The former prime minister of Denmark, Anders Fogh Rasmussen, speaking at a conference in Copenhagen, said Theresa May's room for manoeuvre in the negotiations would be limited by her lack of a parliamentary majority.
But he added: "It's a statement of common sense that if we are going to radically change the way we work together, we need to get there via a slope, not a cliff edge".
The negotiations have been billed as the most complex in Britain's history as it unravels 44 years of membership and its threat to walk out with no deal in place has anxious European capitals.
SDLP leader Colum Eastwood said the party is meeting Mrs May to aid the process of restoring power-sharing in Northern Ireland.
"We would restore faith in politics if we could show that this parliament can at least function in presenting a view in the national interest which would command a majority on a cross-party basis", said pro-European Conservative lawmaker Ken Clarke.
'What can you say of meaning about such chaos?' the diplomat asked.
"But it's not very strong and stable".
Anxious by immigration and loss of sovereignty, Britain a year ago voted to end its decades-old membership of the 28-country bloc - the first state ever to do so - in a shock referendum result. We will be leaving the single market and by the way, we will be leaving the customs union.
Amid such upheaval, though, there is little agreement on what kind of Brexit May should try for - even assuming she can hold onto her job.
Before the election, May proposed a clean break from the European Union: leaving its single market, which enshrines free movement of people, goods, services and capital, and proposing limits on immigration and a bespoke customs deal with the EU.
Opponents describe that as a "hard Brexit".
As Britain entered a sixth day of political turmoil, May's team continued talks with Northern Ireland's Democratic Unionist Party (DUP) to secure their support in parliament after May failed to win a majority in Thursday's election.
They also said the rally would protest the DUP's record on "access to abortion", and that if the deal goes through the Conservatives would be joining with a party "known to promote policy which restricts the rights of women and LGBT people".
'Everything is all over the place, ' said a senior executive responsible for Brexit preparations at a FTSE 100 company.

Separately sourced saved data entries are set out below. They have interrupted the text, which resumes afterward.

Definition in_affine (u : vec3) : Prop := vz u != 0.
Definition aff (u : vec3) : vec3 := mkv (vx u / vz u) (vy u / vz u) 1.

Definition orient (u v w : vec3) : R := det3 (aff u) (aff v) (aff w).
Definition positive_triple (u v w : vec3) : Prop :=
  [/\ in_affine u, in_affine v, in_affine w & 0 < orient u v w].

Definition in_int_triangle (p v1 v2 v3 : vec3) : Prop :=
  [/\ in_affine p, in_affine v1, in_affine v2, in_affine v3 &
   exists a b c : R, [/\ 0 < a, 0 < b, 0 < c, a + b + c = 1 &
     vx (aff p) = a * vx (aff v1) + b * vx (aff v2) + c * vx (aff v3) /\
     vy (aff p) = a * vy (aff v1) + b * vy (aff v2) + c * vy (aff v3)]].

Definition convex_quad (a b c d : vec3) : Prop :=
  [/\ in_affine a, in_affine b, in_affine c, in_affine d &
   (0 < orient a b c /\ 0 < orient b c d /\ 0 < orient c d a /\ 0 < orient d a b) \/
   (orient a b c < 0 /\ orient b c d < 0 /\ orient c d a < 0 /\ orient d a b < 0)].

Definition proj_seq (P : int -> vec3) : Prop := forall j, P j != vzero.

Definition three_nice (P : int -> vec3) : Prop :=
  forall j : int, gen_pos4 (P j) (P (j + 1)) (P (j + 3)) (P (j + 4)).

Definition consec_noncollinear (P : int -> vec3) : Prop :=
  forall j : int, ~ collinear (P j) (P (j + 1)) (P (j + 2)).

Definition corner_even (P : int -> vec3) (i : int) : R :=
  chi (P (i - 2)) (P (i - 1))
      (meet (join (P (i - 2)) (P (i - 1))) (join (P i) (P (i + 1))))
      (meet (join (P (i - 2)) (P (i - 1))) (join (P (i + 1)) (P (i + 2)))).

Definition corner_odd (P : int -> vec3) (i : int) : R :=
  chi (P (i + 2)) (P (i + 1))
      (meet (join (P (i + 2)) (P (i + 1))) (join (P i) (P (i - 1))))
      (meet (join (P (i + 2)) (P (i + 1))) (join (P (i - 1)) (P (i - 2)))).

End Proj.

From HB Require Import structures.
From mathcomp Require Import all_boot all_order all_algebra.
From mathcomp Require Import ring lra.
Set Implicit Arguments.
Unset Strict Implicit.
Unset Printing Implicit Defensive.
Import Order.TTheory GRing.Theory Num.Theory.
Local Open Scope ring_scope.

(* Write [u v w] for det3 u v w.  By Cramer's rule E has homogeneous
   barycentric coordinates p : q : r = [E B D] : [A E D] : [A B E] with respect
   to the triangle A B D.  Grassmann-Plucker relations turn the two corner
   invariants into
     x_{2i} = 1 + [B C D] q / ([C D A] p),
     x_{2i+1} = [A B C] p / ([A B C] p + [B C D] r).
   Convexity of A B C D makes [A B C], [B C D], [C D A] positive, so
   x_{2i} > 1 and 0 < x_{2i+1} < 1 say exactly that q and r have the sign of p,
   i.e. E lies inside the triangle A B D.  The orientations of the new triples
   are then positive combinations of the old ones. *)

Section CornerInvariants.
Variable R : realFieldType.
Implicit Types (A B C D E a b d e u v w : vec3 R) (k l m : R).

Local Ltac coord_ring := rewrite /det3 /cross /dot /vx /vy /vz /mkv /=; ring.

Definition scale k u : vec3 R := mkv (k * vx u) (k * vy u) (k * vz u).

Definition lin k u l v : vec3 R :=
  mkv (k * vx u + l * vx v) (k * vy u + l * vy v) (k * vz u + l * vz v).

Definition corner_chi A B C D E : R :=
  chi A B (meet (join A B) (join C D)) (meet (join A B) (join D E)).

Lemma divMMl k x y : k != 0 -> (k * x) / (k * y) = x / y.
Proof. by move=> nk; rewrite -mulf_div divff ?mul1r. Qed.

Lemma aff_scale u : in_affine u -> scale (vz u) (aff u) = u.
Proof.
case: u => [[x y] z]; rewrite /in_affine /scale /aff /vx /vy /vz /mkv /= => hz.
by congr (_, _, _); rewrite ?mulr1 // mulrC divfK.
Qed.

Lemma scale1 u : scale 1 u = u.
Proof. by case: u => [[x y] z]; rewrite /scale /vx /vy /vz /mkv /= !mul1r. Qed.

Lemma det3_scale k l m u v w :
  det3 (scale k u) (scale l v) (scale m w) = k * l * m * det3 u v w.
Proof. coord_ring. Qed.

Lemma det3_cycle u v w : det3 u v w = det3 v w u.
Proof. coord_ring. Qed.

Lemma dot_self_eq0 u : dot u u = 0 -> u = vzero R.
Proof.
case: u => [[x y] z]; rewrite /dot /vx /vy /vz /= => h.
by have [-> -> ->] : [/\ x = 0, y = 0 & z = 0] by split; nra.
Qed.

Lemma meet_join A B C D :
  meet (join A B) (join C D) = lin (- det3 B C D) A (det3 A C D) B.
Proof.
case: A => [[? ?] ?]; case: B => [[? ?] ?]; case: C => [[? ?] ?]; case: D => [[? ?] ?].
rewrite /meet /join /lin /det3 /cross /dot /vx /vy /vz /mkv /=.
by congr (_, _, _); ring.
Qed.

Lemma chi_lin A B k1 k2 l1 l2 :
  dot (cross A B) (cross A B) != 0 ->
  chi A B (lin k1 A k2 B) (lin l1 A l2 B) = (k1 * l2 - k2 * l1) / (k2 * - l1).
Proof.
move=> nAB; rewrite /chi /join.
have -> : br (cross A B) A B = dot (cross A B) (cross A B) by [].
have -> : br (cross A B) (lin k1 A k2 B) (lin l1 A l2 B) =
          (k1 * l2 - k2 * l1) * dot (cross A B) (cross A B) by rewrite /br; coord_ring.
have -> : br (cross A B) A (lin k1 A k2 B) = k2 * dot (cross A B) (cross A B).
  by rewrite /br; coord_ring.
have -> : br (cross A B) B (lin l1 A l2 B) = - l1 * dot (cross A B) (cross A B).
  by rewrite /br; coord_ring.
set nn := dot _ _.
have -> : nn * ((k1 * l2 - k2 * l1) * nn) = nn * nn * (k1 * l2 - k2 * l1) by ring.
have -> : k2 * nn * (- l1 * nn) = nn * nn * (k2 * - l1) by ring.
by rewrite divMMl // mulf_neq0.
Qed.

(* The Grassmann-Plucker relation [A C D][B D E] - [B C D][A D E] = [A B D][C D E]
   gives the numerator; in this form the identity also holds when A and B are
   dependent, where both sides are 0. *)
Lemma corner_chiE A B C D E :
  corner_chi A B C D E = det3 A B D * det3 C D E / (det3 A C D * det3 B D E).
Proof.
have [/dot_self_eq0 nAB0|nAB] := eqVneq (dot (cross A B) (cross A B)) 0.
  have -> : det3 A B D = 0 by rewrite /det3 nAB0 /dot /vx /vy /vz /= !mul0r !addr0.
  by rewrite /corner_chi /chi /join /br nAB0 /dot /vx /vy /vz /= !mulr0 !addr0 !mul0r.
rewrite /corner_chi !meet_join chi_lin //.
congr (_ / _); coord_ring.
Qed.

Lemma corner_chi_scale k1 k2 k3 k4 k5 A B C D E :
  k1 != 0 -> k2 != 0 -> k3 != 0 -> k4 != 0 -> k5 != 0 ->
  corner_chi (scale k1 A) (scale k2 B) (scale k3 C) (scale k4 D) (scale k5 E) =
  corner_chi A B C D E.
Proof.
move=> *; rewrite !corner_chiE !det3_scale.
set K := k1 * k2 * k3 * k4 * k4 * k5.
have nK : K != 0 by rewrite !mulf_neq0.
rewrite -[RHS](divMMl _ _ nK); congr (_ / _); rewrite /K; ring.
Qed.

Lemma corner_chi_aff A B C D E :
  in_affine A -> in_affine B -> in_affine C -> in_affine D ->
  corner_chi A B C D E = corner_chi (aff A) (aff B) (aff C) (aff D) E /\
  corner_chi E D C B A = corner_chi E (aff D) (aff C) (aff B) (aff A).
Proof.
move=> hA hB hC hD.
by split; rewrite -{1}(aff_scale hA) -{1}(aff_scale hB) -{1}(aff_scale hC)
  -{1}(aff_scale hD) -{1}(scale1 E) corner_chi_scale ?oner_neq0.
Qed.

Lemma gt1_div_sign (x y : R) : 1 < x / y -> 0 < y * (x - y).
Proof.
case: (ltgtP y 0) => hy.
- by rewrite ltr_ndivlMr // mul1r => hxy; nra.
- by rewrite ltr_pdivlMr // mul1r => hxy; nra.
- by rewrite hy invr0 mulr0 ltr10.
Qed.

Lemma in01_div_sign (x y : R) : 0 < x / y < 1 -> 0 < x * (y - x).
Proof.
case: (ltgtP y 0) => hy /andP[].
- by rewrite ltr_ndivlMr // ltr_ndivrMr // mul0r mul1r => *; nra.
- by rewrite ltr_pdivlMr // ltr_pdivrMr // mul0r mul1r => *; nra.
- by rewrite hy invr0 mulr0 ltxx.
Qed.

Lemma corner_chi_gt1 A B C D E :
  1 < corner_chi A B C D E ->
  0 < (det3 C D A * det3 E B D) * (det3 B C D * det3 A E D).
Proof.
rewrite corner_chiE => /gt1_div_sign.
by congr (0 < _); coord_ring.
Qed.

Lemma corner_chi_in01 A B C D E :
  0 < corner_chi E D C B A < 1 ->
  0 < (det3 A B C * det3 E B D) * (det3 B C D * det3 A B E).
Proof.
rewrite corner_chiE => /in01_div_sign.
by congr (0 < _); coord_ring.
Qed.

Lemma same_sign_div_sum (p q r : R) : 0 < p * q -> 0 < p * r ->
  [/\ 0 < p / (p + q + r), 0 < q / (p + q + r) & 0 < r / (p + q + r)].
Proof.
wlog p_gt0 : p q r / 0 < p => [wlog_pos pq pr|].
  have [p_lt0||p0] := ltgtP p 0; last by move: pq; rewrite p0 mul0r ltxx.
  - have := wlog_pos (- p) (- q) (- r).
    by rewrite -!opprD invrN !mulrNN oppr_gt0; apply.
  - by move=> p_gt0; apply: wlog_pos.
move=> pq pr; have q_gt0 : 0 < q by rewrite -(pmulr_rgt0 _ p_gt0).
have r_gt0 : 0 < r by rewrite -(pmulr_rgt0 _ p_gt0).
by split; rewrite divr_gt0 // !addr_gt0.
Qed.

Lemma cramer_coords a b d e :
  [/\ det3 a b d * vx e = det3 e b d * vx a + det3 a e d * vx b + det3 a b e * vx d,
      det3 a b d * vy e = det3 e b d * vy a + det3 a e d * vy b + det3 a b e * vy d &
      det3 a b d * vz e = det3 e b d * vz a + det3 a e d * vz b + det3 a b e * vz d].
Proof. by split; coord_ring. Qed.

Lemma barycentric_aff a b d e : vz a = 1 -> vz b = 1 -> vz d = 1 ->
  0 < det3 e b d * det3 a e d -> 0 < det3 e b d * det3 a b e ->
  in_affine e /\ exists al be ga : R, [/\ 0 < al, 0 < be, 0 < ga, al + be + ga = 1 &
    vx (aff e) = al * vx a + be * vx b + ga * vx d /\
    vy (aff e) = al * vy a + be * vy b + ga * vy d].
Proof.
move=> za zb zd pq pr; have [cx cy cz] := cramer_coords a b d e.
rewrite za zb zd !mulr1 in cz.
move: (det3 e b d) (det3 a e d) (det3 a b e) pq pr cx cy cz => p q r pq pr cx cy cz.
have [al_gt0 be_gt0 ga_gt0] := same_sign_div_sum pq pr.
set t := p + q + r in al_gt0 be_gt0 ga_gt0 cz.
have nt : t != 0 by apply: contraTneq al_gt0 => ->; rewrite invr0 mulr0 ltxx.
have /andP[nD ne] : (det3 a b d != 0) && (vz e != 0) by rewrite -negb_or -mulf_eq0 cz.
split=> //; exists (p / t), (q / t), (r / t); split=> //; first by rewrite -!mulrDl divff.
have -> : vx (aff e) = vx e / vz e by [].
have -> : vy (aff e) = vy e / vz e by [].
by split; rewrite -(divMMl _ _ nD) ?cx ?cy cz !mulrDl !(mulrAC _ _ t^-1).
Qed.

The first issue at the Brussels talks will be the status of millions of European Union citizens living in the United Kingdom and British residents of the other 27 countries, including their right to stay, to work, and to access medical care.
But the true figure could be far lower, as the 100 billion does not account for tens of billions that Britain is set to get back in shared assets and rebates.

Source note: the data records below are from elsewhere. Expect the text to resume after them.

Lemma simple_Vle B (e : B -> Sigma) : injective e -> card_le nat B ->
  simple_over (Vlt K Sigma B) (Vle K Sigma B).
Proof.
move=> ei hB; apply: simple_overP.
- exact: submod_Vle.
- by move=> v /VltP vB; case: (card_le_total (supp v) B) => // /vB.
- pose chi := restrict (fun i => exists b, e b = i) (fun _ : Sigma => 1 : K).
  have [chiB Bchi] := @supp_restrict_range B e (fun _ => 1) ei (fun _ => oner_neq0 _).
  by move=> /(_ chi chiB) /VltP.
move=> w u _ /VltNP Bw uB; apply: act_of_card_le_supp; exact: card_le_trans uB Bw.
Qed.

Lemma socle_zero (i0 : Sigma) : sub_eq (socle_over zero) (finsupp K Sigma).
Proof.
apply: (socle_overE _ (simple_finsupp i0)) => // v /zeroNP [j0 vj0].
have [g [gM a]] := restrict_act (fun j => j = j0) v.
exists g, (restrict (fun j => j = j0) v); split=> //.
  exists [:: j0] => i; rewrite /restrict inE.
  by case: asboolP => [->|_]; rewrite ?eqxx.
by move=> /(_ j0); rewrite /restrict; case: asboolP => // _ /eqP; rewrite (negbTE vj0).
Qed.

Lemma socle_Vlt B (e : B -> Sigma) : injective e -> card_le nat B ->
  sub_eq (socle_over (Vlt K Sigma B)) (Vle K Sigma B).
Proof.
move=> ei hB; apply: (socle_overE _ (simple_Vle ei hB)) => [|v /VltNP [f fi]].
  by apply: zero_Vlt (card_le_inhabited hB) _.
pose D i := exists b, sval (f b) = i.
have [g [gM a]] := restrict_act D v.
have [uB Bu] := @supp_restrict_range B (sval \o f) v
  (fun b c bc => fi _ _ (sval_inj bc)) (fun b => svalP (f b)).
by exists g, (restrict D v); split=> // /VltP.
Qed.
End Modules.

Section Filtration.
Variables (K : fieldType) (Sigma : eqType).
Hypothesis Sigma_infinite : card_le nat Sigma.
Local Notation subsp := (subsp K Sigma).
Local Notation zero := (zero_sub K Sigma).
Local Notation full := (full_sub K Sigma).
Local Notation Vlt := (Vlt K Sigma).
Local Notation Vle := (Vle K Sigma).

Definition filtration_term (W : subsp) := sub_eq W zero \/ sub_eq W full \/
  exists B : Type, card_le nat B /\ card_le B Sigma /\ sub_eq W (Vlt B).

Lemma socle_full : sub_eq (socle_over full) full.
Proof. by move=> v; split=> // _; exists 0%N, (fun _ _ => 0); split=> // -[]. Qed.

(* [Y] is a support of least cardinality among those of cardinality > |B|. *)
Lemma Vle_as_Vlt B : card_le nat B -> ~ sub_le full (Vle B) ->
  exists Y : Sigma -> Prop, card_le nat {x | Y x} /\ sub_eq (Vle B) (Vlt {x | Y x}).
Proof.
move=> hB /sub_leNP [v [_ nv]].
have [[Y YB] minY] := @card_le_min {Y : Sigma -> Prop | ~ card_le {x | Y x} B}
  (fun Y => {x | sval Y x}) (inhabits (exist _ (fun i => v i != 0 : Prop) nv)).
rewrite /= in YB minY; exists Y; split.
  case: (card_le_total nat {x | Y x}) => // Ynat.
  by case: YB; apply: card_le_trans Ynat hB.
move=> u; split=> [uB|/VltP uY].
  by apply/VltP => Yu; case: YB; apply: card_le_trans Yu uB.
by apply: NNPP => uB; apply: uY; exact: (minY (exist _ (fun i => u i != 0 : Prop) uB)).
Qed.

(* The least cardinal of a subset of Sigma bounding a family of cardinals
   computes the union of the corresponding V^*_beta. *)
Lemma Vlt_sup (Bs : Type -> Prop) : (forall B, Bs B -> card_le B Sigma) ->
  exists Y : Sigma -> Prop, (forall B, Bs B -> card_le B {x | Y x}) /\
    forall v, Vlt {x | Y x} v -> exists B, Bs B /\ Vlt B v.
Proof.
move=> BsSigma.
have Sigma_ub B : Bs B -> card_le B {x : Sigma | True}.
  by move=> /BsSigma [f fi]; exists (fun b => exist _ (f b) I) => b c /(congr1 sval) /fi.
have [[Y Yub] minY] := @card_le_min
  {Y : Sigma -> Prop | forall B, Bs B -> card_le B {x | Y x}}
  (fun Y => {x | sval Y x}) (inhabits (exist _ (fun _ => True) Sigma_ub)).
rewrite /= in Yub minY; exists Y; split=> // v /VltP vY; apply: NNPP => nex; apply: vY.
apply: (minY (exist _ (fun i => v i != 0 : Prop) _)) => B BsB.
by apply: VltNP => vB; apply: nex; exists B.
Qed.

Lemma socle_term W : filtration_term W -> filtration_term (socle_over W).
Proof.
have [i0] := card_le_inhabited Sigma_infinite.
case=> [/subeqE ->|[/subeqE ->|[B [hB [[e ei] /subeqE ->]]]]].
- right; right; exists nat; split; first exact: card_le_refl.
  by split=> // v; rewrite (socle_zero i0 v) finsupp_Vlt.
- by right; left; exact: socle_full.
rewrite (subeqE (socle_Vlt ei hB)).
have [Vle_full|/(Vle_as_Vlt hB) [Y [hY VleY]]] := classic (sub_le full (Vle B)).
  by right; left => v; split=> // _; exact: Vle_full.
by right; right; exists {x | Y x}; split=> //; split=> //; exact: card_le_sig.
Qed.

Lemma union_term (F : subsp -> Prop) : (forall W, F W -> filtration_term W) ->
  filtration_term (fun v => zero v \/ exists W, F W /\ W v).
Proof.
move=> Fterm.
have [[W [FW Wfull]]|nfull] := classic (exists W, F W /\ sub_eq W full).
  by right; left => v; split=> // _; right; exists W; split=> //; apply/Wfull.
pose Bs B := exists W, F W /\ card_le nat B /\ card_le B Sigma /\ sub_eq W (Vlt B).
have Fcases W : F W -> sub_eq W zero \/ exists B, Bs B /\ sub_eq W (Vlt B).
  move=> FW; case: (Fterm W FW) => [|[Wfull|[B [hB [BS WB]]]]]; first by left.
    by case: nfull; exists W.
  by right; exists B; split=> //; exists W.
have [[? BsB0]|none] := classic (exists B, Bs B); last first.
  left => v; split=> [[//|[W [FW Wv]]]|]; last by left.
  case: (Fcases W FW) => [Wzero|[B [BsB _]]]; first exact: (Wzero v).1 Wv.
  by case: none; exists B.
have Bs_Sigma B : Bs B -> card_le B Sigma by move=> [W [_ [_ []]]].
have [Y [Yub Ysup]] := Vlt_sup Bs_Sigma.
have hY : card_le nat {x | Y x}.
  by have [_ [_ [hB0 _]]] := BsB0; apply: card_le_trans hB0 (Yub _ BsB0).
right; right; exists {x | Y x}; split=> //; split; first exact: card_le_sig.
move=> v; split=> [[zv|[W [FW Wv]]]|/Ysup [B [[W [FW [_ [_ WB]]]] vB]]].
- exact: zero_Vlt (card_le_inhabited hY) zv.
- case: (Fcases W FW) => [Wzero|[B [BsB WB]]].
    exact: zero_Vlt (card_le_inhabited hY) ((Wzero v).1 Wv).
  by apply: Vlt_mono (Yub B BsB) _ _; apply/WB.
- by right; exists W; split=> //; apply/WB.
Qed.

Lemma layer_term W : SocLayer W -> filtration_term W.
Proof. by elim=> [F _ IH|W' _ IH]; [exact: union_term | exact: socle_term]. Qed.

Lemma layer_zero : exists W, SocLayer W /\ sub_eq W zero.
Proof.
exists (fun v => zero v \/ exists W, False /\ W v); split; first by apply: SL_union => W [].
by move=> v; split=> [[//|[W [] //]]|zv]; left.
Qed.

(* V^*_beta is the union of the socle layers it contains: that union is a layer,
   and were it smaller than V^*_beta, so would be the next layer. *)
Lemma layer_Vlt B : card_le nat B -> card_le B Sigma ->
  exists W, SocLayer W /\ sub_eq W (Vlt B).
Proof.
move=> hB [e ei]; have [i0] := card_le_inhabited Sigma_infinite.
pose U v := zero v \/ exists W, (SocLayer W /\ sub_le W (Vlt B)) /\ W v.
have LU : SocLayer U by apply: SL_union => W [].
have UB : sub_le U (Vlt B).
  by move=> v [zv|[W [[_ WB] Wv]]]; [exact: zero_Vlt (card_le_inhabited hB) zv | exact: WB].
have socle_in_U : sub_le (socle_over U) (Vlt B) -> sub_le (socle_over U) U.
  by move=> sB v Sv; right; exists (socle_over U); do 2!split=> //; exact: SL_succ.
exists U; split=> // v; split=> [|vB]; first exact: UB.
case: (layer_term LU) => [|[|[B' [hB' [[e' ei'] ]]]]] /subeqE EU;
  rewrite EU in UB socle_in_U *.
- have fin_in_B : sub_le (socle_over zero) (Vlt B).
    by move=> w /(socle_zero i0 w) /finsupp_Vlt; exact: Vlt_mono hB w.
  case: (simple_finsupp K i0) => _ _ [] w.
  by move=> /(socle_zero i0 w) /(socle_in_U fin_in_B).
- by case: (simple_Vle K ei hB) => _ _ [] x _; apply: UB.
rewrite (subeqE (socle_Vlt ei' hB')) in socle_in_U.
have [Vle'B|/sub_leNP [x [x_le /VltNP Bx]]] := classic (sub_le (Vle B') (Vlt B)).
  by case: (simple_Vle K ei' hB') => _ _ []; apply: socle_in_U.
by apply: Vlt_mono vB; apply: card_le_trans Bx x_le.
Qed.

Lemma layer_full : exists W, SocLayer W /\ sub_eq W full.
Proof.
have [W [LW WSigma]] := layer_Vlt Sigma_infinite (card_le_refl Sigma).
exists (socle_over W); split; first exact: SL_succ.
rewrite (subeqE WSigma) => v; rewrite (socle_Vlt (@inj_id Sigma) Sigma_infinite v).
by split=> // _; exact: card_le_sig.
Qed.
End Filtration.

Theorem mainTheorem8 (K : closedFieldType) (Sigma : eqType)
  (charK0 : [pchar K] =i pred0)
  (Sigma_infinite : exists f : nat -> Sigma, injective f) :
  (* soc V^* = V_* = V^*_{aleph_0} *)
  sub_eq (socle_over (zero_sub K Sigma)) (finsupp K Sigma) /\
  sub_eq (finsupp K Sigma) (Vlt K Sigma nat) /\
  (* for every infinite cardinal beta = |B| <= alpha = |Sigma| *)
  (forall B : Type, (exists f : nat -> B, injective f) ->
     (exists f : B -> Sigma, injective f) ->
     sub_eq (socle_over (Vlt K Sigma B)) (Vle K Sigma B) /\
     simple_over (Vlt K Sigma B) (Vle K Sigma B)) /\
  (* the transfinite socle filtration of V^* consists exactly of
     0 and the V^*_beta, beta infinite, beta <= alpha^+ (V^*_{alpha^+} = V^* ) *)
  (forall W, SocLayer W ->
     sub_eq W (zero_sub K Sigma) \/ sub_eq W (full_sub K Sigma) \/
     exists B : Type, (exists f : nat -> B, injective f) /\
       (exists f : B -> Sigma, injective f) /\ sub_eq W (Vlt K Sigma B)) /\
  (exists W, SocLayer W /\ sub_eq W (zero_sub K Sigma)) /\
  (exists W, SocLayer W /\ sub_eq W (full_sub K Sigma)) /\
  (forall B : Type, (exists f : nat -> B, injective f) ->
     (exists f : B -> Sigma, injective f) ->
     exists W, SocLayer W /\ sub_eq W (Vlt K Sigma B)).
Proof.
have [i0] := card_le_inhabited Sigma_infinite.
split; first exact: socle_zero i0.
split; first exact: finsupp_Vlt.
split; first by move=> B hB [e ei]; split; [exact: socle_Vlt ei hB | exact: simple_Vle ei hB].
split; first exact: layer_term Sigma_infinite.
split; first exact: layer_zero.
split; first exact: layer_full.
exact: layer_Vlt.
Qed.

The situation in Ireland - where the only land border between the European Union and United Kingdom will lie - will also be discussed.

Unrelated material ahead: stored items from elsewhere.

Lemma left_treesP g Y m : sorted ord_lt Y -> m \in Y -> {in Y, forall x, x <= m} ->
  enumerates g Y -> forall t, t \in left_trees g Y <-> idem_on Y (Node t m Leaf).
Proof.
rewrite /left_trees => sY mY maxY gY t; case: leqP => [Y1|Y2].
  have -> : Y = [:: m].
    by case: Y {sY maxY gY} mY Y1 => [|y [|]] //; rewrite inE => /eqP ->.
  rewrite inE; split=> [/eqP ->|[]]; first by [].
  case: t => // l y rr; rewrite idem_tree_Node_Leaf => /and4P[_ ym _ _] lt.
  by move: (lt y); rewrite /= !(mem_cat, inE) eqxx orbT (negbTE ym).
apply: iff_trans (gY t) _; split.
  case=> [[it lt]]; case: t it lt => // l y rr it lt /hasP[x xY yx].
  split=> [|x']; last by rewrite labels_Node_Leaf mem_rcons inE lt; case: eqP => [->|].
  rewrite idem_tree_Node_Leaf it lt mY orbT !andbT; apply/andP; split.
    by apply/allP=> x'; rewrite lt; apply: maxY.
  by rewrite neq_ltn (leq_trans yx) ?maxY.
case; rewrite idem_tree_Node_Leaf => /and4P[tm ym /orP[/eqP t0|mt] it] lt.
  suff : size Y <= size [:: m] by rewrite leqNgt Y2.
  apply: uniq_leq_size (sorted_ord_uniq sY) _ => x.
  by rewrite -lt t0.
have ltY : labels t =i Y.
  by move=> x; rewrite -lt labels_Node_Leaf mem_rcons inE; case: eqP => [->|].
split=> //; case: t ym tm mt it lt ltY => // l y rr ym tm _ _ _ ltY.
apply/hasP; exists m => //; rewrite ltn_neqAle ym.
by apply: (allP tm); rewrite /= mem_cat mem_head orbT.
Qed.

The British government wants the negotiations to include the future relationship with Europe and an all-important trade deal with the bloc.
The EU wants to deal with the first phase of divorce talks before moving on next year to discuss trade, though EU officials acknowledge that the agreements to be reached before Britain leaves can only be concluded as a whole package simultaneously.
The "hardball" European Commission chief negotiator will be across the table from Mr Davis and has already been established as a something of a villain for Brexiteers.